In the material below, find the line with "by exists (n" and the line with "move=> [F cover];", then output those two lines and every line between them, exactly.

Extracted material.
# # # #

(* sum_{t} 1[x_t \notin L] <= n, phrased with distinct indices *)
Definition noise_le (L : U -> Prop) (n : nat) (x : nat -> U) : Prop :=
  forall s : seq nat, uniq s -> (forall t, t \in s -> ~ L (x t)) -> size s <= n.

Definition enumeration (L : U -> Prop) (n : nat) (x : nat -> U) : Prop :=
  (forall y, L y -> exists t, x t = y) /\ noise_le L n x.

Definition prefix (x : nat -> U) (t : nat) : seq U := mkseq x t.

Definition algorithm := seq U -> U.

Definition works_at (C : nat -> U -> Prop) (G : algorithm) (n i m : nat) : Prop :=
  forall x, enumeration (C i) n x ->
  forall t, 1 <= t -> m <= size (undup (prefix x t)) ->
    C i (G (prefix x t)) /\ G (prefix x t) \notin prefix x t.

Definition generates_with (C : nat -> U -> Prop) (G : algorithm)
  (tt : nat -> nat -> nat) : Prop :=
  forall n i, works_at C G n i (tt n i).

Definition generates (C : nat -> U -> Prop) (G : algorithm) : Prop :=
  exists tt, generates_with C G tt.

Definition least_time (C : nat -> U -> Prop) (G : algorithm) (n i m : nat) : Prop :=
  works_at C G n i m /\ forall k, works_at C G n i k -> m <= k.

(* Pareto-optimality of the family tt.  For an algorithm G that generates,
   every t_{n,G}(L_i) is finite, hence given by least_time. *)
Definition pareto_optimal (C : nat -> U -> Prop) (tt : nat -> nat -> nat) : Prop :=
  forall G : algorithm, generates C G ->
  forall n i m, least_time C G n i m -> m < tt n i ->
  exists n' j m', (n', j) <> (n, i) /\ least_time C G n' j m' /\ tt n' j < m'.

Definition a_contained (T : seq U) (L : U -> Prop) (a : nat) : Prop :=
  forall s : seq U, uniq s -> {subset s <= T} -> (forall y, y \in s -> ~ L y) ->
    size s <= a.

(* Candidate sizes in step (A): pre = (L'_1, ..., L'_j) as labels (a,b),
   the entry L'_j being the last one.  A subcollection D is a set of entries
   of pre containing L'_j. *)
Definition chk_size (C : nat -> U -> Prop) (pre : seq (nat * nat)) (k : nat) : Prop :=
  k = 0 \/
  exists (T : seq U) (D : seq (nat * nat)),
    [/\ uniq T, size T = k,
        {subset D <= pre} /\ last (0, 0) pre \in D,
        (forall ab, ab \in D -> a_contained T (C ab.2) ab.1) &
        (exists F : seq U, forall y, (forall ab, ab \in D -> C ab.2 y) -> y \in F)].

Definition mchk (C : nat -> U -> Prop) (pre : seq (nat * nat)) : nat :=
  epsilon (inhabits 0%N)
    (fun m => chk_size C pre m /\ forall k, chk_size C pre k -> k <= m).

Definition swap_at (s : seq (nat * nat)) (k : nat) : seq (nat * nat) :=
  set_nth (0, 0) (set_nth (0, 0) s k (nth (0, 0) s k.+1)) k.+1 (nth (0, 0) s k).

(* Steps (A)-(C) starting from position j (1-indexed) in list s, with
   ms the already computed values of m^star.  Returns the final list and the
   value m_chk at stopping time. *)
Fixpoint insert_loop (C : nat -> U -> Prop) (ms : nat * nat -> nat)
  (s : seq (nat * nat)) (j : nat) {struct j} : seq (nat * nat) * nat :=
  match j with
  | (k.+1 as j').+1 =>
      let m := mchk C (take k.+2 s) in
      (* L'_{j-1} is at 0-indexed position k *)
      if ms (nth (0, 0) s k) < m then (s, m)
      else insert_loop C ms (swap_at s k) j'
  | _ => (s, mchk C (take j s))
  end.

(* the diagonal order: (0,1),(1,1),(0,2),(2,1),(1,2),(0,3),...;
   with 0-indexed languages: (n'-h, h) for n' = 0,1,..., h = 0..n'. *)
Definition diag_list (K : nat) : seq (nat * nat) :=
  flatten [seq [seq (n' - h, h) | h <- iota 0 n'.+1] | n' <- iota 0 K].

Definition diag (l : nat) : nat * nat := nth (0, 0) (diag_list l.+1) l.

(* state after l rounds: the collection C'_l and the values m^star assigned so far *)
Fixpoint noisy_proc (C : nat -> U -> Prop) (l : nat)
  : seq (nat * nat) * (nat * nat -> nat) :=
  match l with
  | 0 => ([::], fun _ => 0)
  | l'.+1 =>
      let st := noisy_proc C l' in
      let e := diag l' in
      let res := insert_loop C st.2 (rcons st.1 e) (size st.1).+1 in
      (res.1, fun p => if p == e then res.2 else st.2 p)
  end.

Definition diag_index (n i : nat) : nat := ((n + i) * (n + i).+1) %/ 2 + i.

Definition mstar (C : nat -> U -> Prop) (n i : nat) : nat :=
  (noisy_proc C (diag_index n i).+1).2 (n, i).

End Defs.

From Pilot Require Import Defs.
From mathcomp Require Import all_boot zify boolp.
From Stdlib Require Import ClassicalEpsilon.

(* Take t_n(L_i) := m*_n(L_i) + 1.  The generator outputs an unseen string
   lying in every language L_{n,i} consistent with the sample S (S is
   n-contained in L_i and |S| >= t_n(L_i)); by hypothesis only finitely many
   languages are consistent.  The Noisy Procedure keeps m* nondecreasing along
   its list and maintains that the m_chk of every prefix ending at an entry is
   at most the m* of that entry.  If the consistent languages had no common
   unseen string, S would witness m_chk >= |S| for the prefix ending at the
   last of them, so |S| <= m* < t <= |S|.
   For Pareto-optimality, when L_{n,i} is inserted, m*_n(L_i) = |T| for a
   sample T and a subcollection D of the entries up to L_{n,i}.  An algorithm
   whose times are at most |T| on all of D must output, on the sample T, a
   fresh string in all of D, and T could be enlarged, contradicting the
   maximality of m_chk.  So an algorithm beating t_n(L_i) is later than |T| on
   some other member of D, whose m* is smaller than |T| since it precedes
   L_{n,i} in the final order. *)

Set Implicit Arguments.
Unset Strict Implicit.
Unset Printing Implicit Defensive.

Section SeqLemmas.
Variable T : eqType.

Lemma uniq_size_le_cover (ps : seq (pred T)) (S F : seq T) :
  uniq S -> (forall y, y \in S -> y \in F \/ has (fun p : pred T => p y) ps) ->
  size S <= size F + \sum_(p <- ps) count p S.
Proof.
elim: ps S => [|p ps IH] S uS cover.
  rewrite big_nil addn0; apply: uniq_leq_size => // y /cover.
  by case=> //; rewrite has_nil.
rewrite big_cons -(count_predC p S) addnCA leq_add2l.
have cover' y :
    y \in [seq z <- S | ~~ p z] -> y \in F \/ has (fun q : pred T => q y) ps.
  rewrite mem_filter => /andP [npy /cover [|]]; first by left.
  by rewrite /= (negbTE npy); right.
rewrite -size_filter; apply: leq_trans (IH _ (filter_uniq _ uS) cover') _.
rewrite leq_add2l; apply: leq_sum => q _.
by rewrite count_filter; apply: sub_count => y /andP [].
Qed.

Lemma split_at_last_mem (D s : seq T) : D != [::] -> {subset D <= s} ->
  exists P e Q, [/\ s = P ++ e :: Q, e \in D & {subset D <= rcons P e}].
Proof.
move=> nD; elim/last_ind: s => [|s x IH] sub.
  by case: D nD sub => // d D _ /(_ d); rewrite in_cons eqxx => /(_ isT).
have [xD|xD] := boolP (x \in D).
  by exists s, x, [::]; rewrite cats1.
have [|P [e [Q [-> eD sD]]]] := IH.
  move=> y yD; move: (sub y yD); rewrite mem_rcons in_cons.
  by case/predU1P => [ey|//]; move: xD; rewrite -ey yD.
by exists P, e, (rcons Q x); rewrite rcons_cat.
Qed.

Lemma cat_cons_eq_cases (A B P Q : seq T) e x : A ++ e :: B = P ++ x :: Q ->
  [\/ exists A2, A = P ++ x :: A2 /\ Q = A2 ++ e :: B,
      [/\ P = A, x = e & Q = B] |
      exists B1, P = A ++ e :: B1 /\ B = B1 ++ x :: Q].
Proof.
elim: A P => [|a A IH] [|p P] /= [] eq_hd eq_tl; subst.
- by constructor 2.
- by constructor 3; exists P.
- by constructor 1; exists A.
- case: (IH _ eq_tl) => [[A2 [-> ->]]|[-> -> ->]|[B1 [-> ->]]].
  + by constructor 1; exists A2.
  + by constructor 2.
  + by constructor 3; exists B1.
Qed.

Lemma pairwise_leq_last (x0 f : T) (ms : T -> nat) A :
  pairwise leq (map ms A) -> f \in A -> ms f <= ms (last x0 A).
Proof.
case/lastP: A => // A p; rewrite last_rcons -cats1 map_cat pairwise_cat.
case/and3P => /allrelP le_p _ _; rewrite mem_cat mem_seq1.
case/orP => [fA|/eqP -> //].
by apply: le_p; [exact: map_f | rewrite mem_seq1].
Qed.

End SeqLemmas.

Lemma swap_at_cat (A B : seq (nat * nat)) x y :
  swap_at (A ++ x :: y :: B) (size A) = A ++ y :: x :: B.
Proof. by elim: A => //= a A; rewrite /swap_at /= => ->. Qed.

Definition tri n := n * n.+1 %/ 2.

Lemma triS n : tri n.+1 = tri n + n.+1.
Proof. rewrite /tri; lia. Qed.

Lemma leq_tri : {homo tri : m n / m <= n}.
Proof.
by apply: homo_leq => [//|y x z|n]; [exact: leq_trans | rewrite triS leq_addr].
Qed.

Lemma tri_ge n : n <= tri n.
Proof. by elim: n => // n IH; rewrite triS; lia. Qed.

Lemma diag_listS K :
  diag_list K.+1 = diag_list K ++ [seq (K - h, h) | h <- iota 0 K.+1].
Proof.
rewrite /diag_list -[in LHS]addn1 iotaD map_cat flatten_cat.
by congr (_ ++ _); rewrite /= cats0 add0n.
Qed.

Lemma size_diag_list K : size (diag_list K) = tri K.
Proof.
by elim: K => // K IH; rewrite diag_listS size_cat IH size_map size_iota triS.
Qed.

Lemma nth_diag_list K n h : n < K -> h <= n ->
  nth (0, 0) (diag_list K) (tri n + h) = (n - h, h).
Proof.
elim: K => // K IH; rewrite ltnS leq_eqVlt => /predU1P [->|ltnK] le_hn;
  rewrite diag_listS nth_cat size_diag_list.
  by rewrite addKn (nth_map 0) ?size_iota ?ltnS // nth_iota ?ltnS // ltnNge leq_addr.
have : tri n.+1 <= tri K by exact: leq_tri.
rewrite triS => le_K; have -> : tri n + h < tri K by lia.
exact: IH.
Qed.

Lemma diag_of_index n i : diag (diag_index n i) = (n, i).
Proof.
rewrite /diag /diag_index -/(tri (n + i)) nth_diag_list ?addnK ?leq_addl //.
by have := tri_ge (n + i); lia.
Qed.

Lemma diag_index_surj l : exists n i, diag_index n i = l.
Proof.
suff [n [h [le_hn ->]]] : exists n h, h <= n /\ l = tri n + h.
  by exists (n - h), h; rewrite /diag_index subnK.
elim: l => [|l [n [h [le_hn ->]]]]; first by exists 0, 0.
have [lt_hn|le_nh] := ltnP h n; first by exists n, h.+1; rewrite addnS.
by exists n.+1, 0; rewrite triS; lia.
Qed.

Lemma index_of_diag l : diag_index (diag l).1 (diag l).2 = l.
Proof. by have [n [i <-]] := diag_index_surj l; rewrite diag_of_index. Qed.

Lemma diag_inj : injective diag.
Proof. by move=> l1 l2 e; rewrite -(index_of_diag l1) e index_of_diag. Qed.

Section NoisyProcedure.
Variables (U : countType) (C : nat -> U -> Prop).

(* Junk when the intersection over [D] is infinite. *)
Definition cover_size (D : seq (nat * nat)) : nat :=
  epsilon (inhabits 0) (fun n => exists F : seq U, size F = n /\
    forall y, (forall ab, ab \in D -> C ab.2 y) -> y \in F).

Lemma cover_sizeP D :
  (exists F : seq U, forall y, (forall ab, ab \in D -> C ab.2 y) -> y \in F) ->
  exists F : seq U, size F = cover_size D /\
    forall y, (forall ab, ab \in D -> C ab.2 y) -> y \in F.
Proof.
move=> [F cover]; apply: (epsilon_spec (inhabits 0) (fun n => exists F : seq U,
  size F = n /\ forall y, (forall ab, ab \in D -> C ab.2 y) -> y \in F)).
by exists (size F), F.
Qed.

(* Every [D] drawn from [pre] has the same intersection as the mask of [pre]
   selecting it, so finitely many cover sizes suffice. *)
Definition chk_bound (pre : seq (nat * nat)) : nat :=
  \max_(m : (size pre).-tuple bool) cover_size (mask m pre) + \sum_(ab <- pre) ab.1.

Lemma chk_size_le_bound pre k : chk_size C pre k -> k <= chk_bound pre.
Proof.
case=> [->//|[T [D [uT <- [sub _] contained fin_cap]]]].
pose m := map_tuple (fun ab => ab \in D) (in_tuple pre).
have eq_mD : mask m pre =i D.
  by move=> ab; rewrite -filter_mask mem_filter andb_idr //; exact: sub.
have [F [size_F cover]] : exists F : seq U, size F = cover_size (mask m pre) /\
    forall y, (forall ab, ab \in mask m pre -> C ab.2 y) -> y \in F.
  apply: cover_sizeP; case: fin_cap => F cover; exists F => y inD.
  by apply: cover => ab; rewrite -eq_mD; exact: inD.
pose outside ab (y : U) := (ab \in D) && ~~ `[< C ab.2 y >].
apply: leq_trans (uniq_size_le_cover (ps := map outside pre) (F := F) uT _) _.
  move=> y _; have [inD|] := pselect (forall ab, ab \in mask m pre -> C ab.2 y).
    by left; exact: cover.
  move/existsNP => [ab /not_implyP [abD notC]]; right; apply/hasP.
  exists (outside ab); first by apply: map_f; apply: sub; rewrite -eq_mD.
  by rewrite /outside -eq_mD abD; apply/asboolPn.
apply: leq_add; first by rewrite size_F (leq_bigmax m).
rewrite big_map big_seq [leqRHS]big_seq; apply: leq_sum => ab _.
rewrite /outside; have [abD|_] := boolP (ab \in D); last by rewrite count_pred0.
rewrite -size_filter; apply: contained => //; first exact: filter_uniq.
  by move=> y; rewrite mem_filter => /andP [].
by move=> y; rewrite mem_filter => /andP [/asboolPn].
Qed.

# # # #

Answer to this problem.
  by exists (n - h), h; rewrite /diag_index subnK.
elim: l => [|l [n [h [le_hn ->]]]]; first by exists 0, 0.
have [lt_hn|le_nh] := ltnP h n; first by exists n, h.+1; rewrite addnS.
by exists n.+1, 0; rewrite triS; lia.
Qed.

Lemma index_of_diag l : diag_index (diag l).1 (diag l).2 = l.
Proof. by have [n [i <-]] := diag_index_surj l; rewrite diag_of_index. Qed.

Lemma diag_inj : injective diag.
Proof. by move=> l1 l2 e; rewrite -(index_of_diag l1) e index_of_diag. Qed.

Section NoisyProcedure.
Variables (U : countType) (C : nat -> U -> Prop).

(* Junk when the intersection over [D] is infinite. *)
Definition cover_size (D : seq (nat * nat)) : nat :=
  epsilon (inhabits 0) (fun n => exists F : seq U, size F = n /\
    forall y, (forall ab, ab \in D -> C ab.2 y) -> y \in F).

Lemma cover_sizeP D :
  (exists F : seq U, forall y, (forall ab, ab \in D -> C ab.2 y) -> y \in F) ->
  exists F : seq U, size F = cover_size D /\
    forall y, (forall ab, ab \in D -> C ab.2 y) -> y \in F.
Proof.
move=> [F cover]; apply: (epsilon_spec (inhabits 0) (fun n => exists F : seq U,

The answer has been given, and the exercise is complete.